### What needs to be done
Retype, word for word, every line from the one holding "- by move=> f g _ _; exact: shift_upD." through the one holding "2) by ring." in the entries below, both included, and only those lines.

BEGIN

Lemma continuous_halfline_incl : continuous (fun x : halfline => to_halfline_m1 (val x)).
Proof.
apply: continuous_comp_initial.
have -> : set_val \o (fun x : halfline => to_halfline_m1 (val x)) = val.
  by apply: funext => x; apply: val_to_halfline_m1; right; exact: (set_valP x).
exact: initial_continuous.
Qed.

Definition shift_up (f : {ptws halfline -> R}) : {ptws halfline_m1 -> R} :=
  fun y => f (to_halfline (val y)) +
    pl_interp (fun n => f (to_halfline (n + 1)%:~R) - f (to_halfline n%:~R)) (val y).

Definition shift_down (g : {ptws halfline_m1 -> R}) : {ptws halfline -> R} :=
  fun x => g (to_halfline_m1 (val x)) +
    pl_interp (fun n => g (to_halfline_m1 (n - 1)%:~R) - g (to_halfline_m1 n%:~R)) (val x).

Lemma shift_up_int f (m : int) : -1 <= m ->
  shift_up f (to_halfline_m1 m%:~R) = f (to_halfline (m + 1)%:~R).
Proof. by move=> m_ge; rewrite /shift_up val_to_halfline_m1_int // pl_interp_int addrC subrK. Qed.

Lemma shift_down_int g (m : int) : 0 <= m ->
  shift_down g (to_halfline m%:~R) = g (to_halfline_m1 (m - 1)%:~R).
Proof. by move=> m_ge0; rewrite /shift_down val_to_halfline ?ler0z // pl_interp_int addrC subrK. Qed.

Lemma shift_upK : cancel shift_up shift_down.
Proof.
move=> f; apply: funext => x; have x_ge0 : 0 <= val x := set_valP x.
rewrite /shift_down (@eq_pl_interp_ge0 _ _
  (fun n => - (f (to_halfline (n + 1)%:~R) - f (to_halfline n%:~R)))) //.
  rewrite pl_interpN /shift_up val_to_halfline_m1 ?to_halfline_val; last by right.
  by rewrite addrK.
move=> n n_ge0; rewrite !shift_up_int; [|lia|lia].
by rewrite subrK opprB.
Qed.

Lemma shift_downK : cancel shift_down shift_up.
Proof.
move=> g; apply: funext => y; have [y_m1|y_ge0] := set_valP y.
  have -> : y = to_halfline_m1 (-1)%:~R by rewrite -(to_halfline_m1_val y) y_m1.
  by rewrite shift_up_int // shift_down_int.
rewrite /shift_up (@eq_pl_interp_ge0 _ _
  (fun n => - (g (to_halfline_m1 (n - 1)%:~R) - g (to_halfline_m1 n%:~R)))) //.
  rewrite pl_interpN /shift_down val_to_halfline // to_halfline_m1_val.
  by rewrite addrK.
move=> n n_ge0; rewrite !shift_down_int; [|lia|lia].
by rewrite addrK opprB.
Qed.

Lemma shift_upD (f g : {ptws halfline -> R}) :
  shift_up (fun x => f x + g x) = (fun y => shift_up f y + shift_up g y).
Proof. by apply: funext => y; rewrite /shift_up /pl_interp; ring. Qed.

Lemma continuous_shift_up (f : halfline -> R) : continuous f -> continuous (shift_up f).
Proof.
move=> f_cont; have f_retract : continuous (fun y : halfline_m1 => f (to_halfline (val y))).
  move=> y; apply: continuous_comp; last exact: f_cont.
  by apply: continuous_comp; [exact: initial_continuous|exact: continuous_to_halfline].
by move=> y; have := cvgD (f_retract y) (@continuous_pl_interp_val R halfline_m1 _ y); exact.
Qed.

Lemma continuous_shift_down (g : halfline_m1 -> R) : continuous g -> continuous (shift_down g).
Proof.
move=> g_cont; have g_incl : continuous (fun x : halfline => g (to_halfline_m1 (val x))).
  by move=> x; apply: continuous_comp; [exact: continuous_halfline_incl|exact: g_cont].
by move=> x; have := cvgD (g_incl x) (@continuous_pl_interp_val R halfline _ x); exact.
Qed.

Lemma ptws_continuous_shift_up : continuous shift_up.
Proof.
move=> f; have f_filter : Filter (nbhs f) := nbhs_filter f.
apply/pointwise_cvgP => y.
have interp_cvg := cvg_pl_interp (FF := f_filter) (x := val y) (fun n =>
  @cvgB _ _ _ _ f_filter _ _ _ _ (cvg_eval (f := f) (x := to_halfline (n + 1)%:~R))
    (cvg_eval (f := f) (x := to_halfline n%:~R))).
exact: (@cvgD _ _ _ _ f_filter _ _ _ _ (cvg_eval (f := f) (x := _)) interp_cvg).
Qed.

Lemma ptws_continuous_shift_down : continuous shift_down.
Proof.
move=> g; have g_filter : Filter (nbhs g) := nbhs_filter g.
apply/pointwise_cvgP => x.
have interp_cvg := cvg_pl_interp (FF := g_filter) (x := val x) (fun n =>
  @cvgB _ _ _ _ g_filter _ _ _ _ (cvg_eval (f := g) (x := to_halfline_m1 (n - 1)%:~R))
    (cvg_eval (f := g) (x := to_halfline_m1 n%:~R))).
exact: (@cvgD _ _ _ _ g_filter _ _ _ _ (cvg_eval (f := g) (x := _)) interp_cvg).
Qed.

Lemma Cp_real_iso_halflines : @Cp_top_iso R setT +%R halfline halfline_m1.
Proof.
exists shift_up, shift_down; split.
- by split=> f [f_cont _]; split=> //;
    [exact: continuous_shift_up|exact: continuous_shift_down].
- by split=> f _; [exact: shift_upK|exact: shift_downK].
- by move=> f g _ _; exact: shift_upD.
- by apply: continuous_subspaceT; exact: ptws_continuous_shift_up.
- by apply: continuous_subspaceT; exact: ptws_continuous_shift_down.
Qed.

End halflines.

Section circle_group.
Variable R : realType.
Implicit Types z w : (R * R)%type.

Lemma circle_mul_closed z w : circle z -> circle w -> circle (circle_mul z w).
Proof.
rewrite /circle /circle_mul /= => z1 w1.
have -> : (z.1 * w.1 - z.2 * w.2) ^+ 2 + (z.1 * w.2 + z.2 * w.1) ^+ 2
   = (z.1 ^+ 2 + z.2 ^+ 2) * (w.1 ^+ 2 + w.2 ^+ 2) by ring.
by rewrite z1 w1 mul1r.
Qed.

Lemma circle_mul_idem z : circle z -> circle_mul z z = z -> z = (1, 0).
Proof.
case: z => a b; rewrite /circle /circle_mul /= !expr2 => z1 [e1 e2].
have /eqP : b * (2 * a - 1) = 0 by nra.
rewrite mulf_eq0 => /orP[/eqP b0|/eqP a_half]; last by exfalso; nra.
by rewrite b0; congr (_, _); nra.
Qed.

Lemma circle_sqr_eq1 z : circle z -> circle_mul z z = (1, 0) -> z = (1, 0) \/ z = (-1, 0).
Proof.
case: z => a b; rewrite /circle /circle_mul /= !expr2 => z1 [e1 e2].
have /eqP : b * b = 0 by nra.
rewrite mulf_eq0 orbb => /eqP b0.
have /eqP : (a - 1) * (a + 1) = 0 by rewrite b0 in e1; nra.
by rewrite b0 mulf_eq0 => /orP[/eqP a1|/eqP a1]; [left|right]; congr (_, _); lra.
Qed.

Lemma continuous_circle_mul (U : topologicalType) (f g : U -> (R * R)%type) :
  continuous f -> continuous g -> continuous (fun x => circle_mul (f x) (g x)).
Proof.
move=> f_cont g_cont x; have x_filter : Filter (nbhs x) := nbhs_filter x.
have [f1 f2] : (fun y => (f y).1) @ x --> (f x).1 /\ (fun y => (f y).2) @ x --> (f x).2.
  by split; apply: continuous_comp (f_cont x) _; [exact: cvg_fst|exact: cvg_snd].
have [g1 g2] : (fun y => (g y).1) @ x --> (g x).1 /\ (fun y => (g y).2) @ x --> (g x).2.
  by split; apply: continuous_comp (g_cont x) _; [exact: cvg_fst|exact: cvg_snd].
apply: (@cvg_pair _ _ _ _ _ _ x_filter (nbhs_filter _) (nbhs_filter _)).
- exact: (@cvgB _ _ _ _ x_filter _ _ _ _
    (@cvgM _ _ _ x_filter _ _ _ _ f1 g1) (@cvgM _ _ _ x_filter _ _ _ _ f2 g2)).
- exact: (@cvgD _ _ _ _ x_filter _ _ _ _
    (@cvgM _ _ _ x_filter _ _ _ _ f1 g2) (@cvgM _ _ _ x_filter _ _ _ _ f2 g1)).
Qed.

Definition Cp_sqr1 (X : topologicalType) (f : {ptws X -> (R * R)%type}) : Prop :=
  Cp (@circle R) f /\ forall x, circle_mul (f x) (f x) = (1, 0).

Lemma circle_pm1 z : z = (1, 0) \/ z = (-1, 0) -> circle z /\ circle_mul z z = (1, 0).
Proof.
by case=> ->; rewrite /circle /circle_mul /=; split; rewrite ?expr2; try congr (_, _); ring.
Qed.

Lemma Cp_sqr1_pm1 (X : topologicalType) (f : {ptws X -> (R * R)%type}) : continuous f ->
  (forall x, f x = (1, 0) \/ f x = (-1, 0)) -> Cp_sqr1 f.
Proof.
by move=> f_cont f_pm; split; [split=> // x|move=> x]; have [] := circle_pm1 (f_pm x).
Qed.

END

### Worked solution
- by move=> f g _ _; exact: shift_upD.
- by apply: continuous_subspaceT; exact: ptws_continuous_shift_up.
- by apply: continuous_subspaceT; exact: ptws_continuous_shift_down.
Qed.

End halflines.

Section circle_group.
Variable R : realType.
Implicit Types z w : (R * R)%type.

Lemma circle_mul_closed z w : circle z -> circle w -> circle (circle_mul z w).
Proof.
rewrite /circle /circle_mul /= => z1 w1.
have -> : (z.1 * w.1 - z.2 * w.2) ^+ 2 + (z.1 * w.2 + z.2 * w.1) ^+ 2
   = (z.1 ^+ 2 + z.2 ^+ 2) * (w.1 ^+ 2 + w.2 ^+ 2) by ring.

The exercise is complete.